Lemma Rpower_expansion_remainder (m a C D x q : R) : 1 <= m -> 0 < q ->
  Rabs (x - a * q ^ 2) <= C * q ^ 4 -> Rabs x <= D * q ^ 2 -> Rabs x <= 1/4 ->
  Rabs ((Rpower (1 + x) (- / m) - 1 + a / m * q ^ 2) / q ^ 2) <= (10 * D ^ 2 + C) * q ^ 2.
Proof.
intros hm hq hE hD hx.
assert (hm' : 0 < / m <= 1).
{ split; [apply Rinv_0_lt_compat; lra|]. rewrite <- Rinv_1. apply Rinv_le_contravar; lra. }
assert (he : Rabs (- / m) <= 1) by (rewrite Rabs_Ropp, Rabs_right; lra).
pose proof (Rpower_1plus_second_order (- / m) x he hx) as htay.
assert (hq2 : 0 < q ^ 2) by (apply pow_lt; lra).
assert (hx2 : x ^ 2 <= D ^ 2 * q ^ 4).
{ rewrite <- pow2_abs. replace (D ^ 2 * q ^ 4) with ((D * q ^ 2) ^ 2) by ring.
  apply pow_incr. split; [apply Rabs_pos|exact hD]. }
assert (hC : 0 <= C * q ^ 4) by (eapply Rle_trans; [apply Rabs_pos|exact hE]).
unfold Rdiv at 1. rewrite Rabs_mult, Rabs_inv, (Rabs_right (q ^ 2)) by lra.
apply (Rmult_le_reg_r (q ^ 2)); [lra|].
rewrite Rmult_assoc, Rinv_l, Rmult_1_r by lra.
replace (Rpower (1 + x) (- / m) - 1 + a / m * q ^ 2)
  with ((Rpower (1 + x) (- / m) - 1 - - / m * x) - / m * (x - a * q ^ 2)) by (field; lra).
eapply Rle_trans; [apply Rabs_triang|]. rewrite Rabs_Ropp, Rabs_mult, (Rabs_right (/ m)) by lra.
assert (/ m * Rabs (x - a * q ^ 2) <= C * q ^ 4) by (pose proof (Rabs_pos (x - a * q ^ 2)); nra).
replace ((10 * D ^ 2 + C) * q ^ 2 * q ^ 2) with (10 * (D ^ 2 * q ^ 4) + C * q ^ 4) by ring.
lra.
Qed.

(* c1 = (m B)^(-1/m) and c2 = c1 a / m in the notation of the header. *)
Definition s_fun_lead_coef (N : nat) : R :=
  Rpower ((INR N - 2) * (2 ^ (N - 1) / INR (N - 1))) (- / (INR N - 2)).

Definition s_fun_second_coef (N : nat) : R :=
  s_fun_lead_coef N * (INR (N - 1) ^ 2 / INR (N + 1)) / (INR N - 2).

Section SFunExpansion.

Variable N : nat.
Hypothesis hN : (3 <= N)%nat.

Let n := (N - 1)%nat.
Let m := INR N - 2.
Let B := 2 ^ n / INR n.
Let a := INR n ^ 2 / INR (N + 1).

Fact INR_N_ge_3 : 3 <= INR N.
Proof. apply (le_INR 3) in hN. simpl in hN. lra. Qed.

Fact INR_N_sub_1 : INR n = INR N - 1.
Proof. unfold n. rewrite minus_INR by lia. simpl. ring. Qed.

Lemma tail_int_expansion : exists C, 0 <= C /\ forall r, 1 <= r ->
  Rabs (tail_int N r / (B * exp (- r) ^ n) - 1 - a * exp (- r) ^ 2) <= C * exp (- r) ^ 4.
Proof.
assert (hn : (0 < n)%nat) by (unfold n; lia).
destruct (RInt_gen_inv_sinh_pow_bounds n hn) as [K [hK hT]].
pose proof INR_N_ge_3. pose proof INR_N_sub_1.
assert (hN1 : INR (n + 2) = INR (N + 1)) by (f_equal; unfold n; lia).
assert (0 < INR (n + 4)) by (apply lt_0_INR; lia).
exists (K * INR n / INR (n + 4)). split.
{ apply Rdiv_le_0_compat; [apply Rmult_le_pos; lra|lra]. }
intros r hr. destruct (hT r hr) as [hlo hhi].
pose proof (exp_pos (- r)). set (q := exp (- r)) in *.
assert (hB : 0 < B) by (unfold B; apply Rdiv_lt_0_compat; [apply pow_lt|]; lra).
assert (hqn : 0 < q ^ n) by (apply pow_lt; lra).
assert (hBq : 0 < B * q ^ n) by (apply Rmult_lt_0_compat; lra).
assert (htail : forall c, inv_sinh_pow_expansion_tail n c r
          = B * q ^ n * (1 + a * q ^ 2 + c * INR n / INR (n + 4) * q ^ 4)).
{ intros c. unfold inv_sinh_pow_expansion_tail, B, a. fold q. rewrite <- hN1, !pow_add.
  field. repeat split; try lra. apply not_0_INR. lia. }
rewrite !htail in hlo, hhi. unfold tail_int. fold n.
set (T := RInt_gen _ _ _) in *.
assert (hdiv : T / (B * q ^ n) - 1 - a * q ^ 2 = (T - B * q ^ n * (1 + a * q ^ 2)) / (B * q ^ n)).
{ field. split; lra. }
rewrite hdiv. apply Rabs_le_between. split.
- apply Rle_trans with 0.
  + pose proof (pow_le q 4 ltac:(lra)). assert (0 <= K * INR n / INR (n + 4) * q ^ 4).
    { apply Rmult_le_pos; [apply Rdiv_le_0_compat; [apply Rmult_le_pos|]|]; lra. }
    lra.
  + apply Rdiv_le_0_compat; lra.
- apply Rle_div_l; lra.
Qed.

━━━━━━

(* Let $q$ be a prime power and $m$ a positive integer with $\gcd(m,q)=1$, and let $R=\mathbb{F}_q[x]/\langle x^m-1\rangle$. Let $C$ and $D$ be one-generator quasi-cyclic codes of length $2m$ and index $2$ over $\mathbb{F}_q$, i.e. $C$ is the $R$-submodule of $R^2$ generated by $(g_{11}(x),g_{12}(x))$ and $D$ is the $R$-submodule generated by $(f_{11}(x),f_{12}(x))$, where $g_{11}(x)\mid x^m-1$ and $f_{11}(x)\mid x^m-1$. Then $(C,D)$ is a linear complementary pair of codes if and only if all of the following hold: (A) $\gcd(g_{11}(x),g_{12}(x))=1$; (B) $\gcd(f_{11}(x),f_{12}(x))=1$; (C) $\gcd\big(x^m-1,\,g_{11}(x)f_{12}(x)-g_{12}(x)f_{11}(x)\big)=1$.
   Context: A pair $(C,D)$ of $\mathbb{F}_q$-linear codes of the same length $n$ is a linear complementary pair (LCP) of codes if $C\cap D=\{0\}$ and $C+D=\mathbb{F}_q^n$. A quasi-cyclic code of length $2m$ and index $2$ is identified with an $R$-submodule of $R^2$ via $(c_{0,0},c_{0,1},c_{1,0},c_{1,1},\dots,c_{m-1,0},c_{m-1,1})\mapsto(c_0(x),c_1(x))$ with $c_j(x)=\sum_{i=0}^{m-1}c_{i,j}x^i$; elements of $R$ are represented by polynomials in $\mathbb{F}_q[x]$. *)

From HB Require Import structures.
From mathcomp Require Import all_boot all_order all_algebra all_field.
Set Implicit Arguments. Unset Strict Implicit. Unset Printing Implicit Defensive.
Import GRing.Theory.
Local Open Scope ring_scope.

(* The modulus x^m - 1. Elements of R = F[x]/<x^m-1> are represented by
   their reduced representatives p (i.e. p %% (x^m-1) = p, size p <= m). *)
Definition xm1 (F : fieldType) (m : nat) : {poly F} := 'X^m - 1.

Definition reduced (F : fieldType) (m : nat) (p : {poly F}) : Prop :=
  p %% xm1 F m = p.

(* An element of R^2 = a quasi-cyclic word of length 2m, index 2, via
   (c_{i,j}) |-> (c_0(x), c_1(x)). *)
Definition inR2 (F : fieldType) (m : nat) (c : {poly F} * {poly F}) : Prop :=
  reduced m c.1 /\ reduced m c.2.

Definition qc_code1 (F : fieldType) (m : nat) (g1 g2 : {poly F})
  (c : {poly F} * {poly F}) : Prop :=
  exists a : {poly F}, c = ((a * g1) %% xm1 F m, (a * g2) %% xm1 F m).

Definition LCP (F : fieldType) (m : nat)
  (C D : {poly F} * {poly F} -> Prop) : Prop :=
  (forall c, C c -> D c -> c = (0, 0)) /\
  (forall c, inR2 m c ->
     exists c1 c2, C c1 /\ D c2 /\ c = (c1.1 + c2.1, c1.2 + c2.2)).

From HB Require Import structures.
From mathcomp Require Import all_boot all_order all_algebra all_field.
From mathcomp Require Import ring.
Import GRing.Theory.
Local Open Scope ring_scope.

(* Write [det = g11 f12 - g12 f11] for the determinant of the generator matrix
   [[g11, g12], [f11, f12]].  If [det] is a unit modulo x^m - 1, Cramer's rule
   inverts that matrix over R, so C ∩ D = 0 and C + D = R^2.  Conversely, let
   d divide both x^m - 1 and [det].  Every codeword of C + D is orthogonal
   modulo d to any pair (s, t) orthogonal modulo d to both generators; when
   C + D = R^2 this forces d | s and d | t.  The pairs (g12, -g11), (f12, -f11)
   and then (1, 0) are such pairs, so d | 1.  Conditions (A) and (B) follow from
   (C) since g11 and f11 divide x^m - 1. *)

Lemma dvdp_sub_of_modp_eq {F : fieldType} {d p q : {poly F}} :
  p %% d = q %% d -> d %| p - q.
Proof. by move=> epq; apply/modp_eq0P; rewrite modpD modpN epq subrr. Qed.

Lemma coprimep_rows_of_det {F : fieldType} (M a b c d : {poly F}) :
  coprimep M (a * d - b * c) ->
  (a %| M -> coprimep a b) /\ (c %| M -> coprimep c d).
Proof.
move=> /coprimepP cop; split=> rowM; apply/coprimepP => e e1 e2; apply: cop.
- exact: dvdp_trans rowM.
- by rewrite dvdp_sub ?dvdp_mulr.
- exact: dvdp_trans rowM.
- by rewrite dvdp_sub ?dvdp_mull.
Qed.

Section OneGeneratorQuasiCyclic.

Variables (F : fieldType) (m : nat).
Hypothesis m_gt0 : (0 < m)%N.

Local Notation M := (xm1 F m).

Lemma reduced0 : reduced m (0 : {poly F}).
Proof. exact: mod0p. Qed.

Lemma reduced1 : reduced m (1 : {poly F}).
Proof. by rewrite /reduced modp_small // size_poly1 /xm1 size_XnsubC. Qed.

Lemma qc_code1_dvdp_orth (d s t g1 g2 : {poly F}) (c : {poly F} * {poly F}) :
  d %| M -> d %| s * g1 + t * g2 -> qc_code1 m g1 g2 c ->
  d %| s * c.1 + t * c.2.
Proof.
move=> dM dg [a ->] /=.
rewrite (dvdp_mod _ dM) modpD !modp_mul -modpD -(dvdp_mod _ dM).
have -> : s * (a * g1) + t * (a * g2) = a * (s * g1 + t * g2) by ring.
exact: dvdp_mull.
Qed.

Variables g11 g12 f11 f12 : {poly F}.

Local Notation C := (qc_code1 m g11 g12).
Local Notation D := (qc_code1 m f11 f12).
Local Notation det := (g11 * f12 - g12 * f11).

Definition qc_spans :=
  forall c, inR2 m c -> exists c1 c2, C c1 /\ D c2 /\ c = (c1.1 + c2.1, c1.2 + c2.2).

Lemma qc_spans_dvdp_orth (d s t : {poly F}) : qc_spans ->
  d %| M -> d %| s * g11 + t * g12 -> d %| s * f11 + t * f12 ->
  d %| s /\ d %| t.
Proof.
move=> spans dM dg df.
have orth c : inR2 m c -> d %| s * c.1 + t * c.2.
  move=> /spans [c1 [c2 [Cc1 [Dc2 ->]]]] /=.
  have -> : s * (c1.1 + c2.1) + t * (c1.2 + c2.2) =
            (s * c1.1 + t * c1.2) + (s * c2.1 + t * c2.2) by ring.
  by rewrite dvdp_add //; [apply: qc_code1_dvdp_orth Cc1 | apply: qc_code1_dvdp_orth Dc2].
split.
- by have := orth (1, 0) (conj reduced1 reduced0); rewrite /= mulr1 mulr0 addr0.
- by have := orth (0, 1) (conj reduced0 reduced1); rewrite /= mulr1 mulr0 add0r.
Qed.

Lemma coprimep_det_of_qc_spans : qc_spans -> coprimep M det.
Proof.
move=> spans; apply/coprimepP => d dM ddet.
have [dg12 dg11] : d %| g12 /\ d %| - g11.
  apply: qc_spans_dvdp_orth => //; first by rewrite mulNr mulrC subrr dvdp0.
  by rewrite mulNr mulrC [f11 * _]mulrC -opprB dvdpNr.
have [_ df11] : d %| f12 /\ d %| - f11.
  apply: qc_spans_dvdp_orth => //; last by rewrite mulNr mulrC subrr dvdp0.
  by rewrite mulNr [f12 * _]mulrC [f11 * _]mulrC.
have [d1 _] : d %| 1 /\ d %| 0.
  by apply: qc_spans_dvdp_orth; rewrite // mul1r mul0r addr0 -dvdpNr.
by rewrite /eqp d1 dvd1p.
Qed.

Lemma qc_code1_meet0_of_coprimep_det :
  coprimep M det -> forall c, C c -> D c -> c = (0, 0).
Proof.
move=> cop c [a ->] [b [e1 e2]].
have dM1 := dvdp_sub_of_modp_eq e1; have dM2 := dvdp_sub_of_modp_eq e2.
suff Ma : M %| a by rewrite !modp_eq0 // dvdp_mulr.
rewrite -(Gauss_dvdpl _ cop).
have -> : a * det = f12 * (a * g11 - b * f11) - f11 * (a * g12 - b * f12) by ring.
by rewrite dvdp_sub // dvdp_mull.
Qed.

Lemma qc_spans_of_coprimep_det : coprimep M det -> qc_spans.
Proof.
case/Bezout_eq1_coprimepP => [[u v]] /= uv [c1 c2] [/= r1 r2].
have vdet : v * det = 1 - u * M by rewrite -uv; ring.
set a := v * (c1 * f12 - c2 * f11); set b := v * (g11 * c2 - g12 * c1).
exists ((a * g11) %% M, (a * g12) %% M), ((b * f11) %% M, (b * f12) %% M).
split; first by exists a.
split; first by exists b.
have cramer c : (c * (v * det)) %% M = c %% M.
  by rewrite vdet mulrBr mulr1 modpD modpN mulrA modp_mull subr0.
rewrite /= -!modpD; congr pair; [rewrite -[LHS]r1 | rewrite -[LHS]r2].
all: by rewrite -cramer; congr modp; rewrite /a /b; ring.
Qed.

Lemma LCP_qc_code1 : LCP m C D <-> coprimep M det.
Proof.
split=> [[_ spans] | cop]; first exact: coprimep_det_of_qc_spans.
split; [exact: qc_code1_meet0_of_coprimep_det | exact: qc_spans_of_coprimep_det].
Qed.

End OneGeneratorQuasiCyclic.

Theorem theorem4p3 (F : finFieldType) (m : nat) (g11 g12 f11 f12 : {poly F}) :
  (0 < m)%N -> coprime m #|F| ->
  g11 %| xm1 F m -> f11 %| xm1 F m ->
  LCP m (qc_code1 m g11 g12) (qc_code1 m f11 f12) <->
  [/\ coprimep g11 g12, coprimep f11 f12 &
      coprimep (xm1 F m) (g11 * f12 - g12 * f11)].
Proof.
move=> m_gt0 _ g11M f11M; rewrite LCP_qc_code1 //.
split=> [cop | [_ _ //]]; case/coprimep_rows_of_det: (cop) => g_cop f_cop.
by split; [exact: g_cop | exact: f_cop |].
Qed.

━━━━━━

Among the records above, a stretch begins at the line containing "g11 %| xm1 F m -> f11 %| xm1 F m ->" and ends at the line containing "move=> m_gt0 _". Restate that stretch word for word, and nothing else.

  g11 %| xm1 F m -> f11 %| xm1 F m ->
  LCP m (qc_code1 m g11 g12) (qc_code1 m f11 f12) <->
  [/\ coprimep g11 g12, coprimep f11 f12 &
      coprimep (xm1 F m) (g11 * f12 - g12 * f11)].
Proof.
move=> m_gt0 _ g11M f11M; rewrite LCP_qc_code1 //.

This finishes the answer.